Not really hate, just preference. And it's not just cycling, it's onesies generally. But I don't mind if you wear it ;-)


----------



## LGD (Aug 14, 2009)

Gregory Taylor said:


> The problem with full length, wind-proof one-piece cycling apparel like this is if you break wind with sufficient force the pressure has difficulty dispersing through the weave of the fabric. The flatus is left to makes its exit via the path of least resistance, i.e. the openings in the garment for your extremities, meaning that you run a not-inconsiderable risk of blowing apart your shoes, gloves, and (in extreme cases) helmet.
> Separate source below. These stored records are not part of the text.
Lemma card_bigcup_le (I T : finType) (F : I -> {set T}) :
  #|\bigcup_i F i| <= \sum_i #|F i|.
Proof.
elim/big_ind2: _ => [| m U n V U_le V_le | i _] //; first by rewrite cards0.
by apply: leq_trans (leq_card_setU U V) _; apply: leq_add.
Qed.

Lemma card_not_good_order_le p N k l (x : 'I_N -> pt p) (c : 'I_N -> 'I_k) :
  convex_nice x c -> l <= N ->
  #|~: [set s : {perm 'I_N} | good_order l x c s]| <= \sum_i #|prefix_avoiding c i l|.
Proof.
move=> nice l_le_N; apply: leq_trans (card_bigcup_le _); apply: subset_leq_card.
apply/subsetP => s; rewrite !inE; apply: contraR => /bigcupP not_avoid.
apply: good_order_of_prefix_hits => // i.
have : s \notin prefix_avoiding c i l by apply/negP => s_in; apply: not_avoid; exists i.
rewrite inE negb_forall => /existsP [j]; rewrite negb_imply negbK => /andP [j_lt /eqP <-].
by exists j.
Qed.

Local Open Scope R_scope.

Lemma sum_INR_le k (a : 'I_k -> nat) (b : R) : (forall i, INR (a i) <= b) ->
  INR (\sum_(i < k) a i) <= INR k * b.
Proof.
move=> a_le; rewrite -[in INR k](card_ord k) -sum1_card.
elim/big_rec2: _ => [| i s t _ st_le]; first by rewrite /=; lra.
by rewrite !plus_INR /=; have := a_le i; lra.
Qed.

Lemma pow_one_sub_le_exp (q beta : R) (n : nat) :
  q <= 1 -> beta <= q -> (1 - q) ^ n <= exp (- (beta * INR n)).
Proof.
move=> q_le1 beta_le_q.
have -> : exp (- (beta * INR n)) = exp (- beta) ^ n.
  rewrite -Rpower_pow; last exact: exp_pos.
  by rewrite /Rpower ln_exp; congr exp; ring.
by apply: pow_incr; have := exp_ineq1_le (- beta); lra.
Qed.

Lemma card_prefix_avoiding_exp N k (c : 'I_N -> 'I_k) i l (beta : R) :
  (0 < N)%nat -> (l <= N)%nat -> beta <= INR (cluster_size c i) / INR N ->
  INR #|prefix_avoiding c i l| <= INR #|{perm 'I_N}| * exp (- (beta * INR l)).
Proof.
move=> N_gt0 l_le_N beta_le; set m := cluster_size c i; set q := INR m / INR N.
have N_pos : 0 < INR N by apply: lt_0_INR; apply/ltP.
have m_le_N : (m <= N)%nat by have := max_card [set j | c j == i]; rewrite card_ord.
have Nm_eq : INR (N - m) = INR N * (1 - q).
  by rewrite minus_INR; [rewrite /q; field; lra | apply/leP].
have q_le1 : q <= 1 by have := pos_INR (N - m); rewrite Nm_eq; nra.
have := le_INR _ _ (elimT leP (card_prefix_avoiding_le c i l_le_N)).
rewrite !mult_INR !pow_INR Nm_eq Rpow_mult_distr => bound.
have Nl_pos : 0 < INR N ^ l by apply: pow_lt.
apply: Rle_trans (_ : (1 - q) ^ l * INR #|{perm 'I_N}| <= _); last first.
  by rewrite Rmult_comm; apply: Rmult_le_compat_l; [exact: pos_INR | exact: pow_one_sub_le_exp].
apply: (Rmult_le_reg_r (INR N ^ l)) => //.
by move: bound; rewrite Rmult_assoc Rmult_comm; lra.
Qed.

Local Close Scope R_scope.
(* Let q(s) = Q(s,x) v with v in T(x), and write q = (a, z).  Membership in
   T(x) says exactly that |a(s)| <= |z(s)| for all s >= 0.  Along the orbit
   y(s) = Phi(s,x) the variational equation gives
     (|z|^2)' = 2 <z, D_a g(y) a + D_z g(y) z>
              <= 2 (|D_a g(y)| |a| |z| + l(y) |z|^2) <= 2 k(s) |z|^2,
   with k = |D_a g(y)| + l(y); Gronwall's inequality yields
   |z(t)|^2 <= |z(0)|^2 exp(2 int_0^t k), and finally
   |q(t)|^2 = |a|^2 + |z|^2 <= 2 |z(t)|^2 <= 2 |v|^2 exp(2 int_0^t k). *)

From Stdlib Require Import Reals Lra Lia Psatz ClassicalEpsilon.
Open Scope R_scope.

Lemma sumR_ext k f g : (forall i, (i < k)%nat -> f i = g i) -> sumR k f = sumR k g.
Proof.
  induction k as [|k IH]; intros H; simpl; auto.
  rewrite IH by (intros; apply H; lia). rewrite H by lia. reflexivity.
Qed.

Lemma sumR_plus k f g : sumR k (fun i => f i + g i) = sumR k f + sumR k g.
Proof. induction k as [|k IH]; simpl; [lra|]. rewrite IH. lra. Qed.

Lemma sumR_scal k c f : sumR k (fun i => c * f i) = c * sumR k f.
Proof. induction k as [|k IH]; simpl; [lra|]. rewrite IH. lra. Qed.

Lemma sumR_0 k : sumR k (fun _ => 0) = 0.
Proof. induction k as [|k IH]; simpl; lra. Qed.

Lemma sumR_le k f g : (forall i, (i < k)%nat -> f i <= g i) -> sumR k f <= sumR k g.
Proof.
  induction k as [|k IH]; intros H; simpl; [lra|].
  assert (f k <= g k) by (apply H; lia).
  assert (sumR k f <= sumR k g) by (apply IH; intros; apply H; lia). lra.
Qed.

Lemma sumR_nonneg k f : (forall i, (i < k)%nat -> 0 <= f i) -> 0 <= sumR k f.
Proof. intros H. rewrite <- (sumR_0 k). apply sumR_le. auto. Qed.

Lemma sumR_split n m f : sumR (n + m) f = sumR n f + sumR m (fun i => f (n + i)%nat).
Proof.
  induction m as [|m IH]; simpl.
  - rewrite Nat.add_0_r. lra.
  - rewrite Nat.add_succ_r. simpl. rewrite IH. lra.
Qed.

Lemma sumR_swap p q f :
  sumR p (fun i => sumR q (fun j => f i j)) = sumR q (fun j => sumR p (fun i => f i j)).
Proof.
  induction p as [|p IH]; simpl.
  - rewrite sumR_0. reflexivity.
  - rewrite IH, <- sumR_plus. reflexivity.
Qed.

Lemma sumR_delta k a v :
  (a < k)%nat -> sumR k (fun j => (if Nat.eqb a j then 1 else 0) * v j) = v a.
Proof.
  induction k as [|k IH]; intros H; [lia|]. simpl. destruct (Nat.eqb_spec a k) as [->|Hne].
  - rewrite (sumR_ext _ _ (fun _ => 0)), sumR_0; [lra|].
    intros i Hi. destruct (Nat.eqb_spec k i); [lia|]. lra.
  - rewrite IH by lia. lra.
Qed.

Lemma ip_nonneg k u : 0 <= ip k u u.
Proof. apply sumR_nonneg. intros. nra. Qed.

Lemma norm_nonneg k u : 0 <= norm k u.
Proof. apply sqrt_pos. Qed.

Lemma norm_sq k u : norm k u ^ 2 = ip k u u.
Proof. apply pow2_sqrt, ip_nonneg. Qed.

Lemma norm_ext k u w : (forall i, (i < k)%nat -> u i = w i) -> norm k u = norm k w.
Proof. intros H. unfold norm, ip. f_equal. apply sumR_ext. intros i Hi. rewrite H; auto. Qed.

Lemma norm_zero_vec k : norm k zero_vec = 0.
Proof.
  unfold norm, ip, zero_vec. rewrite (sumR_ext _ _ (fun _ => 0)) by (intros; ring).
  rewrite sumR_0. apply sqrt_0.
Qed.

Lemma norm_vsub0 k u : norm k (vsub zero_vec u) = norm k u.
Proof. unfold norm, ip, vsub, zero_vec. f_equal. apply sumR_ext. intros; ring. Qed.

Lemma norm_scal k c u : norm k (vscal c u) = Rabs c * norm k u.
Proof.
  unfold norm, ip, vscal.
  rewrite (sumR_ext _ _ (fun i => c ^ 2 * (u i * u i))) by (intros; ring).
  rewrite sumR_scal, sqrt_mult_alt; [|apply pow2_ge_0].
  rewrite <- Rsqr_pow2, sqrt_Rsqr_abs. reflexivity.
Qed.

Lemma ip_add_r k u v w : ip k u (vadd v w) = ip k u v + ip k u w.
Proof. unfold ip, vadd. rewrite <- sumR_plus. apply sumR_ext. intros; ring. Qed.

Lemma ip_quad k u v l :
  ip k (fun i => u i + l * v i) (fun i => u i + l * v i)
  = ip k u u + 2 * l * ip k u v + l ^ 2 * ip k v v.
Proof. unfold ip. rewrite <- !sumR_scal, <- !sumR_plus. apply sumR_ext. intros; ring. Qed.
The 2016 models actually have a pressure relief valve built into the seam of the left pant leg.


The problem with not reading is that you don't actually get the full picture... ;-)

The top is windproof, breathable fabric- the bottom half is the standard Sorpasso tights. No windproofing below the waist... And if you are blasting that much gas you should have a check up and reconsider your diet.


----------



## PBL450 (Apr 12, 2014)

pittcanna said:


> As winter is about done. I have decided to hold off till next cold season to get this kit or buy it on closeout.
> 
> But more importantly why the hate to cycling onsies?


No hate at all here... I'm a speed skater. Skin suits sans the maxi.


----------